Neo4j - How KGs are shaping the future of Generative AI at AWS Summit London ...Neo4j - How KGs are shaping the future of Generative AI at AWS Summit London ...
Neo4j - How KGs are shaping the future of Generative AI at AWS Summit London ...Neo4j
 
GenCyber Cyber Security Day Presentation
GenCyber Cyber Security Day PresentationGenCyber Cyber Security Day Presentation
GenCyber Cyber Security Day PresentationMichael W. Hawkins
 
04-2024-HHUG-Sales-and-Marketing-Alignment.pptx
04-2024-HHUG-Sales-and-Marketing-Alignment.pptx04-2024-HHUG-Sales-and-Marketing-Alignment.pptx
04-2024-HHUG-Sales-and-Marketing-Alignment.pptxHampshireHUG
 
Scaling API-first – The story of a global engineering organization
Scaling API-first – The story of a global engineering organizationScaling API-first – The story of a global engineering organization
Scaling API-first – The story of a global engineering organizationRadu Cotescu
 
Understanding the Laravel MVC Architecture
Understanding the Laravel MVC ArchitectureUnderstanding the Laravel MVC Architecture
Understanding the Laravel MVC ArchitecturePixlogix Infotech
 
IAC 2024 - IA Fast Track to Search Focused AI Solutions
IAC 2024 - IA Fast Track to Search Focused AI SolutionsIAC 2024 - IA Fast Track to Search Focused AI Solutions
IAC 2024 - IA Fast Track to Search Focused AI SolutionsEnterprise Knowledge
 

Kürzlich hochgeladen (20)

CNv6 Instructor Chapter 6 Quality of Service
CNv6 Instructor Chapter 6 Quality of ServiceCNv6 Instructor Chapter 6 Quality of Service
CNv6 Instructor Chapter 6 Quality of Service
 
Transcript: #StandardsGoals for 2024: What’s new for BISAC - Tech Forum 2024
Transcript: #StandardsGoals for 2024: What’s new for BISAC - Tech Forum 2024Transcript: #StandardsGoals for 2024: What’s new for BISAC - Tech Forum 2024
Transcript: #StandardsGoals for 2024: What’s new for BISAC - Tech Forum 2024
 
The Codex of Business Writing Software for Real-World Solutions 2.pptx
The Codex of Business Writing Software for Real-World Solutions 2.pptxThe Codex of Business Writing Software for Real-World Solutions 2.pptx
The Codex of Business Writing Software for Real-World Solutions 2.pptx
 
Strategies for Unlocking Knowledge Management in Microsoft 365 in the Copilot...

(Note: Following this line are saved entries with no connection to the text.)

(* Let $S$ be a set of $n$ points in $\mathbb{R}^d$, where $d$ is a constant, with Euclidean distance; let $\varepsilon>0$ be a real constant, let $\theta$ be a constant with $0<\theta<\pi/4$ such that $1/(\cos\theta-\sin\theta)\le 1+\varepsilon$, let $\mathcal{C}$ be a cone collection as in the context consisting of $O(1/\theta^{d-1})$ cones, and let $f\ge0$ be an integer. Then each of the graphs $\mathrm{Yao}(\theta,2f+1)$ and $\Theta(\theta,2f+1)$ is an $f$-faulty-degree $(1+\varepsilon)$-spanner for $S$ with $O(fn)$ edges.
   Context: $K_S$ is the complete graph on $S$ with edge weights the Euclidean distances; all graphs have Euclidean edge weights; $\delta_X$ is shortest-path distance in $X$; $X\setminus F$ is $X$ with the edges of $F$ removed. A graph $G=(S,E)$ is an $f$-faulty-degree $t$-spanner for $S$ if for every $F\subseteq E$ with $(S,F)$ of maximum degree at most $f$ and all $p,q\in S$, $\delta_{G\setminus F}(p,q)\le t\,\delta_{K_S\setminus F}(p,q)$. $\mathcal{C}$ is a finite collection of cones with apex at the origin covering $\mathbb{R}^d$, each of angular diameter at most $\theta$, i.e. $\max\{\angle(0x,0y):x,y\in C\setminus\{0\}\}\le\theta$. For each $C\in\mathcal{C}$ fix a ray $\ell_C$ from the origin contained in $C$. For $p\in S$: $C+p=\{x+p:x\in C\}$, $\ell_C+p$ is the translate of $\ell_C$ emanating from $p$, and $S_{p,C}=(C+p)\cap(S\setminus\{p\})$. The graph $\mathrm{Yao}(\theta,k)$ has vertex set $S$ and, for each $p\in S$ and $C\in\mathcal{C}$, an edge from $p$ to each of the $\min(k,|S_{p,C}|)$ points of $S_{p,C}$ closest to $p$ in Euclidean distance (ties broken arbitrarily). The graph $\Theta(\theta,k)$ has vertex set $S$ and, for each $p\in S$ and $C\in\mathcal{C}$, an edge from $p$ to each of $\min(k,|S_{p,C}|)$ points of $S_{p,C}$ whose orthogonal projections onto $\ell_C+p$ are closest to $p$ (ties broken arbitrarily). *)

From HB Require Import structures.
From mathcomp Require Import all_boot all_order all_algebra.
From mathcomp Require Import all_classical all_reals all_analysis.
Set Implicit Arguments. Unset Strict Implicit. Unset Printing Implicit Defensive.
Import Order.TTheory GRing.Theory Num.Theory.
Local Open Scope classical_set_scope.
Local Open Scope ring_scope.

Section Defs.
Variable R : realType.
Variable d : nat.

Definition dotv (u v : 'rV[R]_d) : R := \sum_(i < d) u ord0 i * v ord0 i.
Definition enorm (u : 'rV[R]_d) : R := Num.sqrt (dotv u u).

Definition vangle (u v : 'rV[R]_d) : R := acos (dotv u v / (enorm u * enorm v)).

(* A finite collection of m cones C_c with apex 0, covering R^d, each of angular
   diameter at most theta, with a fixed ray l_c = {t *: ray c | t >= 0} inside C_c. *)
Definition cone_collection (theta : R) (m : nat)
  (cone : 'I_m -> set 'rV[R]_d) (ray : 'I_m -> 'rV[R]_d) : Prop :=
  (forall c x t, cone c x -> 0 < t -> cone c (t *: x)) /\
  (forall c x y, cone c x -> cone c y -> x != 0 -> y != 0 -> vangle x y <= theta) /\
  (forall x, exists c, cone c x) /\
  (forall c, ray c != 0 /\ forall t, 0 <= t -> cone c (t *: ray c)).

Variable n : nat.
Variable pt : 'I_n -> 'rV[R]_d.   (* S = the image of the injective map pt *)

Definition edist (i j : 'I_n) : R := enorm (pt i - pt j).

(* S_{p,C} = (C + p) ∩ (S \ {p}) *)
Definition Spc (C : set 'rV[R]_d) (i : 'I_n) : {set 'I_n} :=
  [set j | (j != i) && `[< C (pt j - pt i) >]].

(* distance from pt i to the orthogonal projection of pt j onto the line of ray u from pt i *)
Definition projdist (u : 'rV[R]_d) (i j : 'I_n) : R :=
  `|dotv (pt j - pt i) u| / enorm u.

(* Graphs on S: symmetric relations on the vertex indices.
   Yao(theta,k): for some admissible tie-breaking N. *)
Definition is_Yao m (cone : 'I_m -> set 'rV[R]_d) (k : nat) (G : rel 'I_n) : Prop :=
  exists N : 'I_n -> 'I_m -> {set 'I_n},
    (forall i c, N i c \subset Spc (cone c) i) /\
    (forall i c, #|N i c| = minn k #|Spc (cone c) i|) /\
    (forall i c j j', j \in N i c -> j' \in Spc (cone c) i :\: N i c ->
        edist i j <= edist i j') /\
    (forall i j, G i j = [exists c, (j \in N i c) || (i \in N j c)]).

Definition is_Theta m (cone : 'I_m -> set 'rV[R]_d) (ray : 'I_m -> 'rV[R]_d)
    (k : nat) (G : rel 'I_n) : Prop :=
  exists N : 'I_n -> 'I_m -> {set 'I_n},
    (forall i c, N i c \subset Spc (cone c) i) /\
    (forall i c, #|N i c| = minn k #|Spc (cone c) i|) /\
    (forall i c j j', j \in N i c -> j' \in Spc (cone c) i :\: N i c ->
        projdist (ray c) i j <= projdist (ray c) i j') /\
    (forall i j, G i j = [exists c, (j \in N i c) || (i \in N j c)]).

Definition walk_len (i : 'I_n) (s : seq 'I_n) : R := \sum_(x <- pairmap edist i s) x.

(* shortest-path distance in the graph with edge relation E (+oo if no path) *)
Definition spdist (E : rel 'I_n) (i j : 'I_n) : \bar R :=
  ereal_inf [set (walk_len i s)%:E | s in [set s | path E i s && (last i s == j)]].

Definition KminusF (F : rel 'I_n) : rel 'I_n := fun i j => (i != j) && ~~ F i j.
Definition GminusF (G F : rel 'I_n) : rel 'I_n := fun i j => G i j && ~~ F i j.

Definition faulty_degree_spanner (f : nat) (t : R) (G : rel 'I_n) : Prop :=
  forall F : rel 'I_n,
    symmetric F -> subrel F G -> (forall i, #|[set j | F i j]| <= f)%N ->
    forall i j, (spdist (GminusF G F) i j <= t%:E * spdist (KminusF F) i j)%E.

Definition nedges (G : rel 'I_n) : nat :=
  #|[set e : 'I_n * 'I_n | (e.1 < e.2)%N && G e.1 e.2]|.

End Defs.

Strategies for Unlocking Knowledge Management in Microsoft 365 in the Copilot...Strategies for Unlocking Knowledge Management in Microsoft 365 in the Copilot...
Strategies for Unlocking Knowledge Management in Microsoft 365 in the Copilot...
 
How to convert PDF to text with Nanonets
How to convert PDF to text with NanonetsHow to convert PDF to text with Nanonets
How to convert PDF to text with Nanonets
 
Enhancing Worker Digital Experience: A Hands-on Workshop for Partners
Enhancing Worker Digital Experience: A Hands-on Workshop for PartnersEnhancing Worker Digital Experience: A Hands-on Workshop for Partners
Enhancing Worker Digital Experience: A Hands-on Workshop for Partners
 
[2024]Digital Global Overview Report 2024 Meltwater.pdf
[2024]Digital Global Overview Report 2024 Meltwater.pdf[2024]Digital Global Overview Report 2024 Meltwater.pdf
[2024]Digital Global Overview Report 2024 Meltwater.pdf
 
From Event to Action: Accelerate Your Decision Making with Real-Time Automation
From Event to Action: Accelerate Your Decision Making with Real-Time AutomationFrom Event to Action: Accelerate Your Decision Making with Real-Time Automation
From Event to Action: Accelerate Your Decision Making with Real-Time Automation
 
Data Cloud, More than a CDP by Matt Robison
Data Cloud, More than a CDP by Matt RobisonData Cloud, More than a CDP by Matt Robison
Data Cloud, More than a CDP by Matt Robison
 
Handwritten Text Recognition for manuscripts and early printed texts
Handwritten Text Recognition for manuscripts and early printed textsHandwritten Text Recognition for manuscripts and early printed texts
Handwritten Text Recognition for manuscripts and early printed texts
 
08448380779 Call Girls In Friends Colony Women Seeking Men
08448380779 Call Girls In Friends Colony Women Seeking Men08448380779 Call Girls In Friends Colony Women Seeking Men
08448380779 Call Girls In Friends Colony Women Seeking Men
 
08448380779 Call Girls In Diplomatic Enclave Women Seeking Men
08448380779 Call Girls In Diplomatic Enclave Women Seeking Men08448380779 Call Girls In Diplomatic Enclave Women Seeking Men
08448380779 Call Girls In Diplomatic Enclave Women Seeking Men
 
Transforming Data Streams with Kafka Connect: An Introduction to Single Messa...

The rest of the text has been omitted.